Subsequently, a screen for entering the name of the voice print
registrant is displayed, the name of the voice print registrant
that is entered is recognized by the CPU 42 (step S24), and the
voice print is then registered in the voice print database 56 in
association with the name of the voice print registrant (step
S26).
[0053] Next, a voice recording method will be described. FIG. 4 and
FIG. 5 are flowcharts illustrating the voice recording method of
the first embodiment of this invention.
[0054] First, when the CPU 42 detects that the recording switch 22
was pressed down (step S30), the CPU 42 detects the position of the
knob of the mode setting switch 24 to identify which mode has been
set (step S32).
[0055] When the CPU 42 detects in step S32 that the voice recording
mode is set, the processing proceeds to step S34 to start voice
input through the microphones 18. Next, the voices that were input
through the microphones 18 are analyzed by the voice print
determination part 58 and compared with the voice print registered
in the voice print database 56. The voice that was registered in
the voice print database 56 is then extracted from the input voices
by the voice filtering part 60 (step S36), and the extracted voice
is recorded (step S38).
[0056] FIG. 6 is a view that schematically shows an example of
voice analysis. As shown in FIG. 6, voices that were introduced
from the microphones 18 is analyzed by the voice print
determination part 58 and only the voice of the voice print
registrant is extracted.
[0057] In this connection, according to this embodiment, a
configuration may be adopted whereby each speaker says a
predetermined password (for example, a name) when commencing the
voice input of step S34 to thereby begin voice recognition for the
speaker corresponding to the respective password.
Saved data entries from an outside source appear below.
Theorem theorem3p3 (R : realType) (n m p r : nat)
  (A : 'M[R]_n) (B : 'M[R]_(n, m)) (C : 'M[R]_(p, n)) (T : R)
  (Ah : 'M[R[i]]_r) (Bh : 'M[R[i]]_(r, m)) (Ch : 'M[R[i]]_(p, r))
  (lam : 'rV[R[i]]_r) (S : 'M[R[i]]_r)
  (Bt : 'M[R[i]]_(r, m)) (Ct : 'M[R[i]]_(p, r))
  (V W : 'M[R[i]]_(n, r)) :
  let Tc : R[i] := (T%:C)%C in
  let Ac := cmx A in let Bc := cmx B in let Cc := cmx C in
  let D := diag_mx lam in
  let WVi := invmx (W^T *m V) in
  let Pr := V *m WVi *m W^T in
  let K2h := kron (idm R r) D + kron Ah (idm R r) in
  let K2 := kron (idm R n) D + kron Ac (idm R r) in
  0 < T ->
  S \in unitmx ->
  Ah = invmx S *m D *m S ->
  Bt = S *m Bh ->
  Ct = Ch *m invmx S ->
  W^T *m V \in unitmx ->
  - (V *m D) - Ac *m V
    = Bc *m Bt^T - expm (Tc *: Ac) *m Bc *m Bt^T *m expm (Tc *: D) ->
  - (W *m D) - Ac^T *m W
    = Cc^T *m Ct - expm (Tc *: Ac^T) *m Cc^T *m Ct *m expm (Tc *: D) ->
  Ah = WVi *m W^T *m Ac *m V ->
  Bh = WVi *m W^T *m Bc ->
  Ch = Cc *m V ->
  (* all matrix inverses appearing below exist *)
  kron (idm R r) Ah + kron D (idm R r) \in unitmx ->
  kron (idm R r) Ac + kron D (idm R n) \in unitmx ->
  kron (idm R r) D + kron Ah^T (idm R r) \in unitmx ->
  kron (idm R n) D + kron Ac^T (idm R r) \in unitmx ->
  K2h \in unitmx ->
  K2 \in unitmx ->
  (* (a) *)
  (let Lc := kron (idm R r) Ch
             *m invmx (kron (idm R r) Ah + kron D (idm R r))
             *m (kron (expm (Tc *: D) *m Bt) (expm (Tc *: Ah) *m Bh)
                 - kron Bt Bh) *m vecI R m in
   let Rc := kron (idm R r) Cc
             *m invmx (kron (idm R r) Ac + kron D (idm R n))
             *m (kron (expm (Tc *: D) *m Bt) (expm (Tc *: Ac) *m Bc)
                 - kron Bt Bc) *m vecI R m in
   let Ec := kron (idm R r) Ch
             *m invmx (kron (idm R r) Ah + kron D (idm R r))
             *m kron (expm (Tc *: D) *m Bt)
                     (WVi *m W^T *m (expm (Tc *: (Ac *m Pr)) - expm (Tc *: Ac))
                          *m Bc)
             *m vecI R m in
   Lc - Rc = Ec)
  /\
  (* (b) *)
  (let Lb := kron Bh^T (idm R r)
             *m invmx (kron (idm R r) D + kron Ah^T (idm R r))
             *m (kron (expm (Tc *: Ah^T) *m Ch^T) (expm (Tc *: D) *m Ct^T)
                 - kron Ch^T Ct^T) *m vecI R p in
   let Rb := kron Bc^T (idm R r)
             *m invmx (kron (idm R n) D + kron Ac^T (idm R r))
             *m (kron (expm (Tc *: Ac^T) *m Cc^T) (expm (Tc *: D) *m Ct^T)
                 - kron Cc^T Ct^T) *m vecI R p in
   let Eb := kron Bh^T (idm R r)
             *m invmx (kron (idm R r) D + kron Ah^T (idm R r))
             *m kron (V^T *m (expm (Tc *: (Ac^T *m Pr^T)) - expm (Tc *: Ac^T))
                          *m Cc^T)
                     (expm (Tc *: D) *m Ct^T)
             *m vecI R p in
   Lb - Rb = Eb)
  /\
  (* (c) *)
  (forall k : 'I_r,
   let Ll := (vecI R p)^T *m kron Ch Ct *m invmx K2h
             *m kron (idm R r) (eeT R k)
             *m (invmx K2h *m (kron (expm (Tc *: Ah) *m Bh) (expm (Tc *: D) *m Bt)
                              - kron Bh Bt)
                 - kron (Tc *: (expm (Tc *: Ah) *m Bh)) (expm (Tc *: D) *m Bt))
             *m vecI R m in
   let Rl := (vecI R p)^T *m kron Cc Ct *m invmx K2
             *m kron (idm R n) (eeT R k)
             *m (invmx K2 *m (kron (expm (Tc *: Ac) *m Bc) (expm (Tc *: D) *m Bt)
                             - kron Bc Bt)
                 - kron (Tc *: (expm (Tc *: Ac) *m Bc)) (expm (Tc *: D) *m Bt))
             *m vecI R m in
   let El1 := (vecI R p)^T *m kron Ch Ct *m invmx K2h
             *m kron (idm R r) (eeT R k)
             *m (invmx K2h *m kron (WVi *m W^T *m
                                     (expm (Tc *: (Ac *m Pr)) - expm (Tc *: Ac)) *m Bc)
                                   (expm (Tc *: D) *m Bt)
                 - kron (Tc *: (WVi *m W^T *m
                                 (expm (Tc *: (Ac *m Pr)) - expm (Tc *: Ac)) *m Bc))
                        (expm (Tc *: D) *m Bt))
             *m vecI R m in
   let El2 := (vecI R p)^T *m kron (Cc *m expm (Tc *: Ac)) (Ct *m expm (Tc *: D))
             *m (kron V (idm R r) *m invmx K2h *m kron (WVi *m W^T) (idm R r)
                 - invmx K2)
             *m kron (idm R n) (eeT R k)
             *m (invmx K2 *m (kron (expm (Tc *: Ac) *m Bc) (expm (Tc *: D) *m Bt)
                             - kron Bc Bt)
                 - kron (Tc *: (expm (Tc *: Ac) *m Bc)) (expm (Tc *: D) *m Bt))
             *m vecI R m in
   Ll - Rl = El1 + El2).
Proof.
move=> Tc Ac Bc Cc D WVi Pr K2h K2 _ _ _ _ _ WV_unit HV HW HAh HBh HCh U1 U2 U3 U4 U5 U6.
subst Ah Bh Ch.
have D_sym : D^T = D := tr_diag_mx lam.
have E_sym : (expm (Tc *: D))^T = expm (Tc *: D) by rewrite -expmZ_tr D_sym.
have EAh_P : expm (Tc *: (WVi *m W^T *m Ac *m V)) *m (WVi *m W^T)
    = WVi *m W^T *m expm (Tc *: (Ac *m Pr)).
  by apply: expm_mulmx_comm; rewrite -scalemxAl -scalemxAr /Pr !mulmxA.
have EPA_V : expm (Tc *: (Pr *m Ac)) *m V = V *m expm (Tc *: (WVi *m W^T *m Ac *m V)).
  by apply: expm_mulmx_comm; rewrite -scalemxAl -scalemxAr /Pr !mulmxA.
rewrite -[Ac^T *m Pr^T]trmx_mul !expmZ_tr in HW *.
split; [|split].
- exact: (Lc_sub_Rc Cc WV_unit D_sym E_sym HV EAh_P U1 U2).
- exact: (Lb_sub_Rb Bc WV_unit D_sym E_sym HW EPA_V U3 U4).
- by move=> k; exact: (Llambda_sub_Rlambda WV_unit D_sym E_sym HV HW EAh_P Tc (eeT R k) U5 U6).
Qed.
[0058] Returning to the description of the flowchart of FIG. 4, the
processing then proceeds to step S40. When the CPU 42 detects that
the recording switch 22 was pressed down the voice input ends (step
S42) and the recorded voice data is stored on the recording medium
28 (step S44). In step S44, the names of the voice print
registrants and the voice data are associated together and stored
(for example, in a separate voice file for each voice print
registrant).
[0059] In contrast, when the text recording mode is set in step
S32, the processing proceeds to step S46 to begin voice input
through the microphones 18. Next, the voice that was registered in
the voice print database 56 is extracted from the voices that were
input through the microphones 18 by the voice filtering part 60
(step S48), and the extracted voice is converted into text data by
the voice/text conversion part 62 (step S50). When the CPU 42
subsequently detects that the recording switch 22 was pressed down
(step S52) the voice input ends (step S54).
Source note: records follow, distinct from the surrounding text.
Lemma ONS_log_arg_le (R : realFieldType) (n T : nat) (D K B gamma : R) :
  (0 < n)%N -> (0 < T)%N -> 0 < B -> gamma ^+ 2 <= 1 ->
  T%:R * ((5 * B)^-1 * K) ^+ 2 * (D * gamma / n%:R) ^+ 2
    <= (D * K * T%:R / (B * n%:R)) ^+ 2.
Proof.
move=> n_gt0 T_gt0 B_gt0 gamma_le1; have T_ge1 : 1 <= T%:R :> R by rewrite ler1n.
have -> : T%:R * ((5 * B)^-1 * K) ^+ 2 * (D * gamma / n%:R) ^+ 2
    = gamma ^+ 2 / (25 * T%:R) * (D * K * T%:R / (B * n%:R)) ^+ 2.
  by field; rewrite !gt_eqF ?ltr0n //; lra.
rewrite ler_piMl ?sqr_ge0 // ler_pdivrMr; lra.
Qed.

Lemma sum_sqr_le_bound (R : realDomainType) (m k : nat) (a : nat -> R) (B : R) :
  (forall t, (m <= t < k)%N -> 0 <= a t <= B) ->
  \sum_(m <= t < k) a t ^+ 2 <= B * \sum_(m <= t < k) a t.
Proof.
move=> a_bounds; rewrite mulr_sumr; apply: ler_sum_nat => t /a_bounds/andP[a_ge0 a_le].
by rewrite expr2 ler_wpM2r.
Qed.

Lemma ONS_surrogate_arith (R : realFieldType) (B N S S2 L lz : R) :
  0 < B -> 0 <= N -> S2 <= B * S -> L <= 3 * lz -> 2^-1 <= lz ->
  2 * ((5 * B)^-1 * S) <= N / (25 / 49) + 25 / 49 * ((5 * B)^-1 ^+ 2 * S2)
                          + N / (25 / 49) * L ->
  S <= 26 * (B * N * lz).
Proof.
(* 2 - (25/49)/5 = 93/49 and 1 + 3 lz <= 5 lz give S <= 49^2/93 B N lz < 26 B N lz. *)
move=> B_gt0 N_ge0 S2_le L_le lz_ge; set E := (5 * B)^-1 * S => bound.
have S2_term : 25 / 49 * ((5 * B)^-1 ^+ 2 * S2) <= 5 / 49 * E.
  rewrite mulrA (_ : 5 / 49 * E = 25 / 49 * (5 * B)^-1 ^+ 2 * (B * S)).
    by rewrite ler_wpM2l // mulr_ge0 // exprn_ge0 // invr_ge0 ltW // mulr_gt0.
  by rewrite /E; field; rewrite gt_eqF.
have L_term : N / (25 / 49) * L <= 49 / 25 * 3 * (N * lz).
  have -> : 49 / 25 * 3 * (N * lz) = N / (25 / 49) * (3 * lz) by field.
  by rewrite ler_wpM2l // divr_ge0.
have N_term : N * 2^-1 <= N * lz by rewrite ler_wpM2l.
rewrite (_ : S = B * (5 * E)); last by rewrite /E; field; rewrite gt_eqF.
rewrite (_ : 26 * (B * N * lz) = B * (26 * (N * lz))); last by ring.
rewrite ler_pM2l //; lra.
Qed.

Local Open Scope classical_set_scope.

Theorem theorem1 :
  exists C : nat, forall (R : realType) (n T : nat)
    (Theta : set 'rV[R]_n) (cstar : 'rV[R]_n) (X : nat -> set 'rV[R]_n)
    (x xhat chat : nat -> 'rV[R]_n) (D K B : R),
    (0 < n)%N -> (0 < T)%N ->
    closed Theta -> convex_set (Theta : set (convex_lmodType 'rV[R]_n)) ->
    Theta cstar ->
    (forall t, (1 <= t <= T)%N -> X t !=set0 /\ compact (X t)) ->
    (forall t, (1 <= t <= T)%N -> is_argmax (X t) cstar (x t)) ->
    0 < D -> diam_le Theta D ->
    0 < K -> (forall t, (1 <= t <= T)%N -> diam_le (X t) K) ->
    0 < B ->
    (forall t, (1 <= t <= T)%N -> forall c c' y y',
       Theta c -> Theta c' -> X t y -> X t y' -> dotp (c - c') (y - y') <= B) ->
    2 <= D * K * T%:R / (B * n%:R) ->
    let eta := (5 * B)^-1 in
    let gamma := ((1 + 2 * eta * B) ^+ 2)^-1 in
    (forall t, (1 <= t <= T)%N -> Theta (chat t)) ->
    (forall t, (1 <= t <= T)%N -> is_argmax (X t) (chat t) (xhat t)) ->
    is_ONS Theta D gamma
      (fun t => grad_loss_eta eta (chat t) (xhat t) (x t)) T chat ->
    \sum_(1 <= t < T.+1) dotp cstar (x t - xhat t)
      <= \sum_(1 <= t < T.+1) dotp (chat t - cstar) (xhat t - x t)
    /\ \sum_(1 <= t < T.+1) dotp (chat t - cstar) (xhat t - x t)
      <= C%:R * (B * n%:R * ln (D * K * T%:R / (B * n%:R))).
Proof.
(* Closedness, compactness and non-emptiness only ensure that the ONS projections and the
   maximizers exist; here they are given. *)
exists 26%N => R n T Theta cstar X x xhat chat D K B n_gt0 T_gt0 _ convTheta
  Theta_cstar _ x_opt D_gt0 diamTheta K_gt0 diamX B_gt0 B_bound z_ge2 eta gamma
  Theta_chat xhat_opt ONS_chat.
set r := fun t => dotp (chat t - cstar) (xhat t - x t).
have r_bounds t : (1 <= t < T.+1)%N -> dotp cstar (x t - xhat t) <= r t /\ 0 <= r t <= B.
  rewrite ltnS => tT; have [Xx _] := x_opt t tT; have [Xxhat _] := xhat_opt t tT.
  have /andP[regret_ge0 regret_le] := argmax_surrogate_bounds (x_opt t tT) (xhat_opt t tT).
  have r_le := B_bound t tT _ _ _ _ (Theta_chat t tT) Theta_cstar Xxhat Xx.
  by rewrite regret_le (le_trans regret_ge0 regret_le) r_le.
split; first by apply: ler_sum_nat => t /r_bounds[].
have etaB : eta * B = 5^-1 by rewrite /eta invfM mulfVK ?gt_eqF.
have gammaE : gamma = 25 / 49 by rewrite /gamma -mulrA etaB; field.
have gamma_gt0 : 0 < gamma by rewrite gammaE.
have grad_le t : (1 <= t < T.+1)%N ->
    let g := grad_loss_eta eta (chat t) (xhat t) (x t) (chat t) in dotp g g <= (eta * K) ^+ 2.
  rewrite ltnS => tT; have [Xx _] := x_opt t tT; have [Xxhat _] := xhat_opt t tT.
  exact: grad_loss_eta_at_sqr_le (ltW K_gt0) (diamX t tT _ _ Xxhat Xx).
have etaK_ge0 : 0 <= eta * K by rewrite mulr_ge0 ?invr_ge0 ?mulr_ge0 ?ltW.
have := ONS_regret_bounded_grad n_gt0 D_gt0 gamma_gt0 convTheta diamTheta ONS_chat
  Theta_cstar etaK_ge0 grad_le.
rewrite /=; under eq_bigr do rewrite grad_loss_eta_at dotpZr.
under [X in _ <= _ + _ * X + _]eq_bigr do rewrite grad_loss_eta_at dotpZr exprMn.
rewrite -!mulr_sumr -/r => regret.
have ln_le : ln (1 + T%:R * (eta * K) ^+ 2 * (D * gamma / n%:R) ^+ 2)
    <= 3 * ln (D * K * T%:R / (B * n%:R)).
  apply: le_trans (ln1Dsqr_le z_ge2).
  rewrite ler_ln ?posrE ?lerD2l ?ONS_log_arg_le ?gammaE //; first lra.
    by apply/(ltr_pwDl ltr01)/mulr_ge0/sqr_ge0/mulr_ge0/sqr_ge0.
  by apply/(ltr_pwDl ltr01)/sqr_ge0.
apply: (ONS_surrogate_arith B_gt0 (ler0n _ _) _ ln_le (ln_ge_half z_ge2)).
  by apply: sum_sqr_le_bound => t /r_bounds[].
by rewrite -gammaE; exact: regret.
Qed.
[0060] Thereafter, when conversion of the extracted voice to text
data ends (step S56), the text data is displayed on the monitor 14
or a personal computer or a monitor or the like connected through
the external device connection I/F 32 and a confirmation screen is
displayed to confirm whether or not to edit the text data (step
S58). When the user selected to edit the text data in step S58,
editing of the text data is conducted through the group of various
switches 12 or a personal computer or keyboard connected through
the external device connection I/F 32 (step S60), and the voice
data and text data is then stored on the recording medium 28 (step
S62). In contrast, when the user selected to store the text data in
step S58, the text data is stored as it is on the recording medium
28 (step S62).
[0061] When the dual mode has been set in step S32, the processing
proceeds to step S64 of FIG. 5 to commence voice input. The voice
filtering part 60 then extracts the voice registered in the voice
print database 56 from the voices introduced through the
microphones 18 (step S66), the extracted voice is recorded (step
S68), and the extracted voice is also converted to text data by the
voice/text conversion part 62 (step S70). Thereafter, when the CPU
42 detects that the recording switch 22 was pressed down (step S72)
the voice input ends (step S74).
[0062] Subsequently, when conversion of the extracted voice into
text data ends (step S76), the text data is displayed on the
monitor 14 or the like and a confirmation screen is displayed to
confirm whether or not to edit the text data (step S78). When the
user selected to edit the text data in step S78, editing of the
text data is conducted (step S80) and the voice data and text data
are stored on the recording medium 28 (step S82). In contrast, when
the user selected to store the text data in step S78, the text data
is stored as it is on the recording medium 28 (step S82).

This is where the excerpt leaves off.